Output every entry exactly as it appears.

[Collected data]
= Beginning of Section =

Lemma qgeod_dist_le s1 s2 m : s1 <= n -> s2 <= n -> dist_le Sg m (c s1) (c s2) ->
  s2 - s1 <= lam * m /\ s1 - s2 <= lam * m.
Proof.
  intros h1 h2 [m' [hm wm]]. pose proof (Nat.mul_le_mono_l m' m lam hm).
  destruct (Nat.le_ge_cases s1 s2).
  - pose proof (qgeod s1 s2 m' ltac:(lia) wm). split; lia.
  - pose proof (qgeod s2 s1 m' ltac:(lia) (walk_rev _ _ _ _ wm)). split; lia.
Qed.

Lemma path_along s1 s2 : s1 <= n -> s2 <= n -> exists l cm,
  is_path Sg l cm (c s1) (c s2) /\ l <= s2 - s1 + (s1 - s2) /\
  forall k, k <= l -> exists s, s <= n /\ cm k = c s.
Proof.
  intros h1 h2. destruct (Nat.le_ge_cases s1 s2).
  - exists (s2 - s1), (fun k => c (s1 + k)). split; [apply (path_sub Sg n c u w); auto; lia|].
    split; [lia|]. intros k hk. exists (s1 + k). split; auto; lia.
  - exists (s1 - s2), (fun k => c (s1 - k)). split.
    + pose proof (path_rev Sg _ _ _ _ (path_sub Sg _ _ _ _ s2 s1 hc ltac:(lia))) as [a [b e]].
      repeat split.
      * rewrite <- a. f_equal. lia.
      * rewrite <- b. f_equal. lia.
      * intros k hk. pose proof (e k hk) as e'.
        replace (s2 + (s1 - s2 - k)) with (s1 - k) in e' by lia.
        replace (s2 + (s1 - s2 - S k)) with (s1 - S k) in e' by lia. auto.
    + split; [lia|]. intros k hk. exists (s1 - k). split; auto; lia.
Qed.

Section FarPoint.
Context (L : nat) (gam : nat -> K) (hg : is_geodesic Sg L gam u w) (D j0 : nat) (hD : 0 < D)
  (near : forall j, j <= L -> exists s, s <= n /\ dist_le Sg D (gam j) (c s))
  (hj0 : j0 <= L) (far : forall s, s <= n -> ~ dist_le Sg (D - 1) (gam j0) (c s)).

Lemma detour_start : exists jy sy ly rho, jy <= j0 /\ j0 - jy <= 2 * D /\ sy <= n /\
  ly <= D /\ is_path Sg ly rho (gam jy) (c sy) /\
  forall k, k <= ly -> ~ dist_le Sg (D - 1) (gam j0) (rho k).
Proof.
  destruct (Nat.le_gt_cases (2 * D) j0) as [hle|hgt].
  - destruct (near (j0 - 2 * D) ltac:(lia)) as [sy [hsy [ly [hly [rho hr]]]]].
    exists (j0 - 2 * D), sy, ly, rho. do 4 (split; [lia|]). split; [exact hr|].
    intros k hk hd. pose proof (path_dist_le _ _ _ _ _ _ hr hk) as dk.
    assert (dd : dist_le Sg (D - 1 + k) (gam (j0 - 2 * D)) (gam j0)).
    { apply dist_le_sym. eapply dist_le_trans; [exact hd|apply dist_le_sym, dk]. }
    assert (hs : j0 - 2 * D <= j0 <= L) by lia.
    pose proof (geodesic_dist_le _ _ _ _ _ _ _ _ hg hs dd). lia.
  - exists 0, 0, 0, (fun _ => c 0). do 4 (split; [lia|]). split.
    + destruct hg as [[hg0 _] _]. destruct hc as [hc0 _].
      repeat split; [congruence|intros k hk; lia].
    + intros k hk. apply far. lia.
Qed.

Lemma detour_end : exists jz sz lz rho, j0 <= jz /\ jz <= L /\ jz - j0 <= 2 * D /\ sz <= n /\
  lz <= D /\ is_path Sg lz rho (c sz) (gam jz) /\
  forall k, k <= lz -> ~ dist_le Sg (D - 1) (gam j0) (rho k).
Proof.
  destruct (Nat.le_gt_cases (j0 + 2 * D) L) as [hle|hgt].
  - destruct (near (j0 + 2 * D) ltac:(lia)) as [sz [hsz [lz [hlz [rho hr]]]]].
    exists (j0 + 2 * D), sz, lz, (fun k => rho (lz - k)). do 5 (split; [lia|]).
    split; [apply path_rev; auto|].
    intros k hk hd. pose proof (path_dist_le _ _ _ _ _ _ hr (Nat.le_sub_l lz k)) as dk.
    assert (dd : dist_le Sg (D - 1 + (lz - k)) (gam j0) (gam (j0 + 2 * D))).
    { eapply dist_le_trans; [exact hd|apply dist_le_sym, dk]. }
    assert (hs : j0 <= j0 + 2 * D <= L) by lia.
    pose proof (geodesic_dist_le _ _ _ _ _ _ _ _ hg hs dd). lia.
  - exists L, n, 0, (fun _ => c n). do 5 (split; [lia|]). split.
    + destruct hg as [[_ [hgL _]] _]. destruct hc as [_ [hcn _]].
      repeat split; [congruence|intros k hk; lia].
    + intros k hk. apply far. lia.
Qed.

= End of Section =

### Task result:
Lemma qgeod_dist_le s1 s2 m : s1 <= n -> s2 <= n -> dist_le Sg m (c s1) (c s2) ->
  s2 - s1 <= lam * m /\ s1 - s2 <= lam * m.
Proof.
  intros h1 h2 [m' [hm wm]]. pose proof (Nat.mul_le_mono_l m' m lam hm).
  destruct (Nat.le_ge_cases s1 s2).
  - pose proof (qgeod s1 s2 m' ltac:(lia) wm). split; lia.
  - pose proof (qgeod s2 s1 m' ltac:(lia) (walk_rev _ _ _ _ wm)). split; lia.
Qed.

Lemma path_along s1 s2 : s1 <= n -> s2 <= n -> exists l cm,
  is_path Sg l cm (c s1) (c s2) /\ l <= s2 - s1 + (s1 - s2) /\
  forall k, k <= l -> exists s, s <= n /\ cm k = c s.
Proof.
  intros h1 h2. destruct (Nat.le_ge_cases s1 s2).
  - exists (s2 - s1), (fun k => c (s1 + k)). split; [apply (path_sub Sg n c u w); auto; lia|].
    split; [lia|]. intros k hk. exists (s1 + k). split; auto; lia.
  - exists (s1 - s2), (fun k => c (s1 - k)). split.
    + pose proof (path_rev Sg _ _ _ _ (path_sub Sg _ _ _ _ s2 s1 hc ltac:(lia))) as [a [b e]].
      repeat split.
      * rewrite <- a. f_equal. lia.
      * rewrite <- b. f_equal. lia.
      * intros k hk. pose proof (e k hk) as e'.
        replace (s2 + (s1 - s2 - k)) with (s1 - k) in e' by lia.
        replace (s2 + (s1 - s2 - S k)) with (s1 - S k) in e' by lia. auto.
    + split; [lia|]. intros k hk. exists (s1 - k). split; auto; lia.
Qed.

Section FarPoint.
Context (L : nat) (gam : nat -> K) (hg : is_geodesic Sg L gam u w) (D j0 : nat) (hD : 0 < D)
  (near : forall j, j <= L -> exists s, s <= n /\ dist_le Sg D (gam j) (c s))
  (hj0 : j0 <= L) (far : forall s, s <= n -> ~ dist_le Sg (D - 1) (gam j0) (c s)).

Lemma detour_start : exists jy sy ly rho, jy <= j0 /\ j0 - jy <= 2 * D /\ sy <= n /\
  ly <= D /\ is_path Sg ly rho (gam jy) (c sy) /\
  forall k, k <= ly -> ~ dist_le Sg (D - 1) (gam j0) (rho k).
Proof.
  destruct (Nat.le_gt_cases (2 * D) j0) as [hle|hgt].
  - destruct (near (j0 - 2 * D) ltac:(lia)) as [sy [hsy [ly [hly [rho hr]]]]].
    exists (j0 - 2 * D), sy, ly, rho. do 4 (split; [lia|]). split; [exact hr|].
    intros k hk hd. pose proof (path_dist_le _ _ _ _ _ _ hr hk) as dk.
    assert (dd : dist_le Sg (D - 1 + k) (gam (j0 - 2 * D)) (gam j0)).
    { apply dist_le_sym. eapply dist_le_trans; [exact hd|apply dist_le_sym, dk]. }
    assert (hs : j0 - 2 * D <= j0 <= L) by lia.
    pose proof (geodesic_dist_le _ _ _ _ _ _ _ _ hg hs dd). lia.
  - exists 0, 0, 0, (fun _ => c 0). do 4 (split; [lia|]). split.
    + destruct hg as [[hg0 _] _]. destruct hc as [hc0 _].
      repeat split; [congruence|intros k hk; lia].
    + intros k hk. apply far. lia.
Qed.

Lemma detour_end : exists jz sz lz rho, j0 <= jz /\ jz <= L /\ jz - j0 <= 2 * D /\ sz <= n /\
  lz <= D /\ is_path Sg lz rho (c sz) (gam jz) /\
  forall k, k <= lz -> ~ dist_le Sg (D - 1) (gam j0) (rho k).
Proof.
  destruct (Nat.le_gt_cases (j0 + 2 * D) L) as [hle|hgt].
  - destruct (near (j0 + 2 * D) ltac:(lia)) as [sz [hsz [lz [hlz [rho hr]]]]].
    exists (j0 + 2 * D), sz, lz, (fun k => rho (lz - k)). do 5 (split; [lia|]).
    split; [apply path_rev; auto|].
    intros k hk hd. pose proof (path_dist_le _ _ _ _ _ _ hr (Nat.le_sub_l lz k)) as dk.
    assert (dd : dist_le Sg (D - 1 + (lz - k)) (gam j0) (gam (j0 + 2 * D))).
    { eapply dist_le_trans; [exact hd|apply dist_le_sym, dk]. }
    assert (hs : j0 <= j0 + 2 * D <= L) by lia.
    pose proof (geodesic_dist_le _ _ _ _ _ _ _ _ hg hs dd). lia.
  - exists L, n, 0, (fun _ => c n). do 5 (split; [lia|]). split.
    + destruct hg as [[_ [hgL _]] _]. destruct hc as [_ [hcn _]].
      repeat split; [congruence|intros k hk; lia].
    + intros k hk. apply far. lia.
Qed.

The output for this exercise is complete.